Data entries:
(* Let $m\ge 2$ and let $Q_2$ be a bivariate quasi-copula. Then $Q^*(u):=Q_2(\min_{2\le i\le m}u_i,\,u_1)$, $u=(u_1,\dots,u_m)\in[0,1]^m$, is an $m$-variate quasi-copula, and its survival function satisfies $$\widehat{Q^*}(u_1,\dots,u_m)=\widehat{Q_2}\big(\max_{2\le i\le m}u_i,\,u_1\big)\quad\text{for all }(u_1,\dots,u_m)\in[0,1]^m.$$
   Context: An $m$-variate quasi-copula is $Q:[0,1]^m\to[0,1]$ that is grounded ($Q(u)=0$ whenever some $u_i=0$), has uniform marginals ($Q(1,\dots,1,u_i,1,\dots,1)=u_i$), is nondecreasing in each argument, and satisfies $|Q(v)-Q(u)|\le\sum_i|v_i-u_i|$. The survival function of an $m$-variate quasi-copula $Q$ is $\widehat{Q}(u)=\sum_{J\subseteq\{1,\dots,m\}}(-1)^{m-|J|}Q(y^J)$, where $y^J_i=1$ if $i\in J$ and $y^J_i=u_i$ otherwise (so for $m=2$, $\widehat{Q}(u_1,u_2)=1-u_1-u_2+Q(u_1,u_2)$). *)

From HB Require Import structures.
From mathcomp Require Import all_boot all_order all_algebra.
From mathcomp Require Import reals.
Set Implicit Arguments. Unset Strict Implicit. Unset Printing Implicit Defensive.
Import Order.TTheory GRing.Theory Num.Theory.
Local Open Scope ring_scope.

(* Points of [0,1]^m are functions 'I_m -> R; coordinate u_{i+1} is u i
   (0-based indexing: u_1 of the paper is u ord0). *)

Definition in_cube (R : realType) (m : nat) (u : 'I_m -> R) : Prop :=
  forall i, 0 <= u i <= 1.

Definition marg_pt (R : realType) (m : nat) (i : 'I_m) (x : R) : 'I_m -> R :=
  fun j => if j == i then x else 1.

(* An m-variate quasi-copula: a function on [0,1]^m (values outside the cube
   are irrelevant) satisfying the axioms on the cube. *)
Definition quasi_copula (R : realType) (m : nat) (Q : ('I_m -> R) -> R) : Prop :=
  [/\ (forall u, in_cube u -> 0 <= Q u <= 1),
      (forall u, in_cube u -> (exists i, u i = 0) -> Q u = 0),
      (forall i x, 0 <= x <= 1 -> Q (marg_pt i x) = x),
      (forall u v, in_cube u -> in_cube v -> (forall i, u i <= v i) -> Q u <= Q v)
    & (forall u v, in_cube u -> in_cube v ->
         `|Q v - Q u| <= \sum_(i < m) `|v i - u i|)].

Definition yJ (R : realType) (m : nat) (J : {set 'I_m}) (u : 'I_m -> R) : 'I_m -> R :=
  fun i => if i \in J then 1 else u i.

Definition survival (R : realType) (m : nat) (Q : ('I_m -> R) -> R) (u : 'I_m -> R) : R :=
  \sum_(J : {set 'I_m}) (-1) ^+ (m - #|J|)%N * Q (yJ J u).

Definition pt2 (R : realType) (a b : R) : 'I_2 -> R :=
  fun j => if j == ord0 then a else b.

(* min / max over the coordinates i >= 2 (paper indexing), i.e. all 0-based
   indices i <> 0.  For m >= 2 this index set is nonempty and all values lie in
   [0,1], so the neutral elements 1 (for min) and 0 (for max) are harmless. *)
Definition min_tail (R : realType) (m : nat) (u : 'I_m -> R) : R :=
  \big[Num.min/1]_(i : 'I_m | (i != 0 :> nat)) u i.
Definition max_tail (R : realType) (m : nat) (u : 'I_m -> R) : R :=
  \big[Num.max/0]_(i : 'I_m | (i != 0 :> nat)) u i.

(* u_1 of the paper (0-based index 0); default 0 if m = 0 (never used). *)
Definition first_coord (R : realType) (m : nat) (u : 'I_m -> R) : R :=
  match m return ('I_m -> R) -> R with
  | 0 => fun _ => 0
  | k.+1 => fun u => u ord0
  end u.

Definition Qstar (R : realType) (m : nat) (Q2 : ('I_2 -> R) -> R)
  : ('I_m -> R) -> R :=
  fun u => Q2 (pt2 (min_tail u) (first_coord u)).

From mathcomp Require Import all_boot all_order all_algebra reals ring lra.
From Stdlib Require Import FunctionalExtensionality.
Import Order.TTheory GRing.Theory Num.Theory.
Local Open Scope ring_scope.

Set Implicit Arguments. Unset Strict Implicit. Unset Printing Implicit Defensive.

(* Q^* is Q_2 composed with u |-> (min_{i>=2} u_i, u_1), a monotone map that is
   1-Lipschitz for the l^1 distance and sends the margins of [0,1]^m to those of
   [0,1]^2, so the quasi-copula axioms transfer.  For the survival function, fix
   a tail index k with u_k = max_{i>=2} u_i and pair each J not containing k
   with J + {k} in the alternating sum.  Raising the k-th coordinate to 1 leaves
   the tail minimum unchanged as soon as another tail coordinate u_i <= u_k is
   kept, so a pair cancels unless J contains every tail index but k.  The two
   surviving pairs, J = ~{k} and J = ~{k, 1}, are exactly the four terms of the
   bivariate survival function of Q_2 at (u_k, u_1). *)

Section SetPairing.
Variables (T : finType) (V : Type) (idx : V) (op : Monoid.com_law idx).

Lemma big_set_pair (k : T) (F : {set T} -> V) :
  \big[op/idx]_(J : {set T}) F J =
  \big[op/idx]_(J : {set T} | k \notin J) op (F J) (F (k |: J)).
Proof.
rewrite (bigID (fun J : {set T} => k \notin J) xpredT) big_split /=; congr (op _ _).
rewrite (reindex_onto (fun J => k |: J) (fun J => J :\ k)) /=; last first.
  by move=> J; rewrite negbK => /setD1K.
apply: eq_bigl => J; rewrite setU11 /=.
by apply/eqP/idP => [<-|kJ]; [rewrite setD11 | rewrite setU1K].
Qed.

Lemma big_support2 (I : finType) (P : pred I) (F : I -> V) (a b : I) :
  a != b -> P a -> P b -> (forall i, P i -> i != a -> i != b -> F i = idx) ->
  \big[op/idx]_(i | P i) F i = op (F a) (F b).
Proof.
move=> ab Pa Pb F0; rewrite (bigD1 a) // (bigD1 b) /=; last by rewrite Pb eq_sym.
rewrite big1 ?Monoid.mulm1 // => i /andP[/andP[Pi ia] ib]; exact: F0.
Qed.

End SetPairing.

Lemma subset_setD1_cases (T : finType) (A J : {set T}) (a : T) :
  A :\ a \subset J -> J \subset A -> J = A :\ a \/ J = A.
Proof.
move=> AaJ JA; case: (boolP (a \in J)) => aJ.
  right; apply/eqP; rewrite eqEsubset JA /=; apply/subsetP => x xA.
  by case: (eqVneq x a) => [-> //|xa]; apply: (subsetP AaJ); rewrite !inE xa.
by left; apply/eqP; rewrite eqEsubset subsetD1 JA aJ AaJ.
Qed.

Section QuasiCopulaStar.
Variable R : realType.

Lemma survival_pairing m (Q : ('I_m -> R) -> R) (u : 'I_m -> R) (k : 'I_m) :
  survival Q u =
  \sum_(J : {set 'I_m} | k \notin J)
    (-1) ^+ (m - #|J|) * (Q (yJ J u) - Q (yJ (k |: J) u)).
Proof.
rewrite /survival (big_set_pair _ k); apply: eq_bigr => J kJ.
have : J \proper [set: 'I_m] by rewrite properT; apply: contraNneq kJ => ->.
move/proper_card; rewrite cardsT card_ord => ltJm.
by rewrite cardsU1 kJ add1n -(subnSK ltJm) exprS /=; ring.
Qed.

Lemma ord2_cases (j : 'I_2) : j = ord0 \/ j = ord_max.
Proof. by case: j => [[|[|//]] p]; [left | right]; apply: val_inj. Qed.

Lemma yJ_pt2 (J : {set 'I_2}) (a b : R) :
  yJ J (pt2 a b) =
  pt2 (if ord0 \in J then 1 else a) (if ord_max \in J then 1 else b).
Proof. by apply: functional_extensionality => j; case: (ord2_cases j) => ->. Qed.

Lemma survival_pt2 (Q : ('I_2 -> R) -> R) (a b : R) :
  survival Q (pt2 a b) = Q (pt2 1 1) - Q (pt2 a 1) - Q (pt2 1 b) + Q (pt2 a b).
Proof.
rewrite (survival_pairing _ _ ord_max).
rewrite (big_support2 _ (a := set0) (b := [set ord0])).
- by rewrite /= !yJ_pt2 cards0 cards1 !inE subn0 subn1 /=; ring.
- by apply/eqP => /setP /(_ ord0); rewrite !inE.
- by rewrite inE.
- by rewrite inE.
move=> J notJ J0 J1.
suff : J \subset [set ord0] by rewrite subset1 (negbTE J0) (negbTE J1).
apply/subsetP => x; case: (ord2_cases x) => ->; first by rewrite inE.
by rewrite (negbTE notJ).
Qed.

Lemma ler_dist_min (x1 y1 x2 y2 : R) :
  `|Num.min x1 y1 - Num.min x2 y2| <= `|x1 - x2| + `|y1 - y2|.
Proof.
have := ler_norm (x1 - x2); have := ler_norm (y1 - y2).
have : - (x1 - x2) <= `|x1 - x2| by rewrite -normrN ler_norm.
have : - (y1 - y2) <= `|y1 - y2| by rewrite -normrN ler_norm.
rewrite ler_norml; case: (leP x1 y1) => ?; case: (leP x2 y2) => ? *;
  apply/andP; split; lra.
Qed.

Section MinTail.
Variable m : nat.
Implicit Types u v : 'I_m -> R.

Lemma min_tail_le u (i : 'I_m) : (i != 0 :> nat) -> min_tail u <= u i.
Proof. by move=> i0; rewrite /min_tail; exact: bigmin_le_cond. Qed.

Lemma min_tail_le1 u : min_tail u <= 1.
Proof. exact: bigmin_le_id. Qed.

Lemma min_tail_ge0 u : in_cube u -> 0 <= min_tail u.
Proof. by move=> hu; apply: le_bigmin => // i _; case/andP: (hu i). Qed.

Lemma le_min_tail u v : (forall i, u i <= v i) -> min_tail u <= min_tail v.
Proof. by move=> uv; apply: le_bigmin2 => i _. Qed.

Lemma min_tail_lipschitz u v :
  `|min_tail v - min_tail u| <= \sum_(i : 'I_m | (i != 0 :> nat)) `|v i - u i|.
Proof.
apply: (big_ind3 (fun a b c => `|a - b| <= c)) => //; first by rewrite subrr normr0.
by move=> a b c a' b' c' ? ?; apply: le_trans (ler_dist_min _ _ _ _) _; apply: lerD.
Qed.

Lemma min_tail_marg_pt (i : 'I_m) (x : R) :
  x <= 1 -> min_tail (marg_pt i x) = if (i != 0 :> nat) then x else 1.
Proof.
move=> x1; case: ifPn => i0.
  rewrite /min_tail (bigminD1 i) // {1}/marg_pt eqxx bigmin_eq_id ?min_l //.
  by move=> j /andP[_ /negbTE ji]; rewrite /marg_pt ji.
apply: bigmin_eq_id => j j0; rewrite /marg_pt; case: eqP => // ji.
by move: i0; rewrite -ji j0.
Qed.

End MinTail.

Lemma marg_pt_ord0 (x : R) : marg_pt ord0 x = pt2 x 1.
Proof. by apply: functional_extensionality => j; case: (ord2_cases j) => ->. Qed.

Lemma marg_pt_ord_max (x : R) : marg_pt ord_max x = pt2 1 x.
Proof. by apply: functional_extensionality => j; case: (ord2_cases j) => ->. Qed.

Section Qstar.
Variables (n : nat) (Q2 : ('I_2 -> R) -> R).
Implicit Types u v : 'I_n.+2 -> R.

Lemma Qstar_arg_in_cube u : in_cube u -> in_cube (pt2 (min_tail u) (u ord0)).
Proof.
move=> hu j; rewrite /pt2; case: ifP => _; last exact: hu.
by rewrite min_tail_ge0 ?min_tail_le1.
Qed.

Lemma quasi_copula_Qstar : quasi_copula Q2 -> quasi_copula (Qstar (m := n.+2) Q2).
Proof.
case=> Q2_bound Q2_ground Q2_marg Q2_mono Q2_lip.
rewrite /Qstar /first_coord /=; split.
- by move=> u hu; apply/Q2_bound/Qstar_arg_in_cube.
- move=> u hu [i ui0]; apply: Q2_ground; first exact: Qstar_arg_in_cube.
  have [i0 | i0] := eqVneq i ord0; first by exists ord_max; rewrite /pt2 /= -ui0 i0.
  exists ord0; rewrite /pt2 /=; apply/eqP.
  by rewrite eq_le min_tail_ge0 // andbT -ui0 min_tail_le.
- move=> i x x01; case/andP: (x01) => _ x1; rewrite min_tail_marg_pt //.
  have [-> | i0] := eqVneq i ord0.
    by rewrite /= {1}/marg_pt eqxx -marg_pt_ord_max Q2_marg.
  by rewrite i0 {1}/marg_pt eq_sym (negbTE i0) -marg_pt_ord0 Q2_marg.
- move=> u v hu hv uv; apply: Q2_mono; try exact: Qstar_arg_in_cube.
  by move=> j; rewrite /pt2; case: ifP => _; [apply: le_min_tail | apply: uv].
- move=> u v hu hv.
  apply: le_trans (Q2_lip _ _ (Qstar_arg_in_cube hu) (Qstar_arg_in_cube hv)) _.
  rewrite big_ord_recl big_ord1 /pt2 /= [leRHS](bigD1 ord0) //= addrC lerD2r.
  exact: min_tail_lipschitz.
Qed.

Lemma Qstar_yJ_pair u (k : 'I_n.+2) (J : {set 'I_n.+2}) :
  in_cube u -> k != ord0 -> (forall i, i != ord0 -> u i <= u k) -> k \notin J ->
  Qstar Q2 (yJ J u) - Qstar Q2 (yJ (k |: J) u) =
  if [set~ k] :\ ord0 \subset J
  then Q2 (pt2 (u k) (yJ J u ord0)) - Q2 (pt2 1 (yJ J u ord0)) else 0.
Proof.
move=> hu k0 kmax kJ; rewrite /Qstar /first_coord /=.
have -> : yJ (k |: J) u ord0 = yJ J u ord0.
  by rewrite /yJ in_setU1 eq_sym (negbTE k0).
set r := \big[Num.min/1]_(i : 'I_n.+2 | (i != 0 :> nat) && (i != k)) yJ J u i.
have -> : min_tail (yJ J u) = Num.min (u k) r.
  by rewrite /min_tail (bigminD1 k) // {1}/yJ (negbTE kJ).
have -> : min_tail (yJ (k |: J) u) = r.
  rewrite /min_tail (bigminD1 k) // {1}/yJ setU11 min_r ?bigmin_le_id //.
  by apply: eq_bigr => i /andP[_ ik]; rewrite /yJ in_setU1 (negbTE ik).
case: ifPn => [sub | /subsetPn[i iA iJ]].
  have -> : r = 1.
    apply: bigmin_eq_id => i /andP[i0 ik].
    by rewrite /yJ (subsetP sub) // !inE ik i0.
  by rewrite min_l //; case/andP: (hu k).
have rk : r <= u k.
  move: iA; rewrite !inE => /andP[i0 ik].
  apply: (bigmin_inf i); first by rewrite i0 ik.
  by rewrite /yJ (negbTE iJ) kmax.
by rewrite min_r // subrr.
Qed.

Lemma max_tail_attained u : in_cube u ->
  exists2 k : 'I_n.+2, k != ord0 & max_tail u = u k.
Proof.
move=> hu; pose tail := fun i : 'I_n.+2 => i != 0 :> nat.
have u_ge0 i : tail i -> 0 <= u i by move=> _; case/andP: (hu i).
by have [k k0 uk] := @eq_bigmax _ R _ 0 ord_max tail u isT u_ge0; exists k.
Qed.

Lemma survival_Qstar u : in_cube u ->
  survival (Qstar Q2) u = survival Q2 (pt2 (max_tail u) (first_coord u)).
Proof.
move=> hu; have [k k0 uk] := max_tail_attained hu.
have kmax i : i != ord0 -> u i <= u k by move=> i0; rewrite -uk le_bigmax_cond.
rewrite survival_pt2 uk (survival_pairing _ _ k).
under eq_bigr => J kJ do rewrite Qstar_yJ_pair //.
have ord0_k : ord0 \in [set~ k] by rewrite !inE eq_sym.
rewrite (big_support2 _ (a := [set~ k]) (b := [set~ k] :\ ord0)) /=.
- rewrite subD1set subxx /yJ ord0_k !inE eqxx /=.
  have card_k : #|[set~ k]| = n.+1 by rewrite cardsC1 card_ord.
  have card_k0 : #|[set~ k] :\ ord0| = n.
    by have := cardsD1 ord0 [set~ k]; rewrite ord0_k card_k add1n => /succn_inj.
  rewrite card_k card_k0 subSnn -addn2 addKn; ring.
- by apply/eqP => /setP /(_ ord0); rewrite ord0_k !inE eqxx.
- by rewrite !inE eqxx.
- by rewrite !inE eqxx andbF.
move=> J kJ JnA JnA0; case: ifPn => [sub|_]; last by rewrite mulr0.
have JA : J \subset [set~ k] by rewrite subsetC sub1set inE.
by case: (subset_setD1_cases sub JA) => /eqP; rewrite ?(negbTE JnA) ?(negbTE JnA0).
Qed.

End Qstar.

End QuasiCopulaStar.

Theorem mainTheorem3 (R : realType) (m : nat) (Q2 : ('I_2 -> R) -> R) :
  (2 <= m)%N ->
  quasi_copula Q2 ->
  quasi_copula (Qstar (m:=m) Q2) /\
  (forall u : 'I_m -> R, in_cube u ->
     survival (Qstar (m:=m) Q2) u =
     survival Q2 (pt2 (max_tail u) (first_coord u))).
Proof.
case: m => [|[|n]] // _ Q2qc.
by split; [exact: quasi_copula_Qstar | exact: survival_Qstar].
Qed.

_Exercise instructions_
Locate the line with "case: m => [|[|n]] // _ Q2qc." in the entries above; extract it and every line after it, verbatim.

_Written solution_
case: m => [|[|n]] // _ Q2qc.
by split; [exact: quasi_copula_Qstar | exact: survival_Qstar].
Qed.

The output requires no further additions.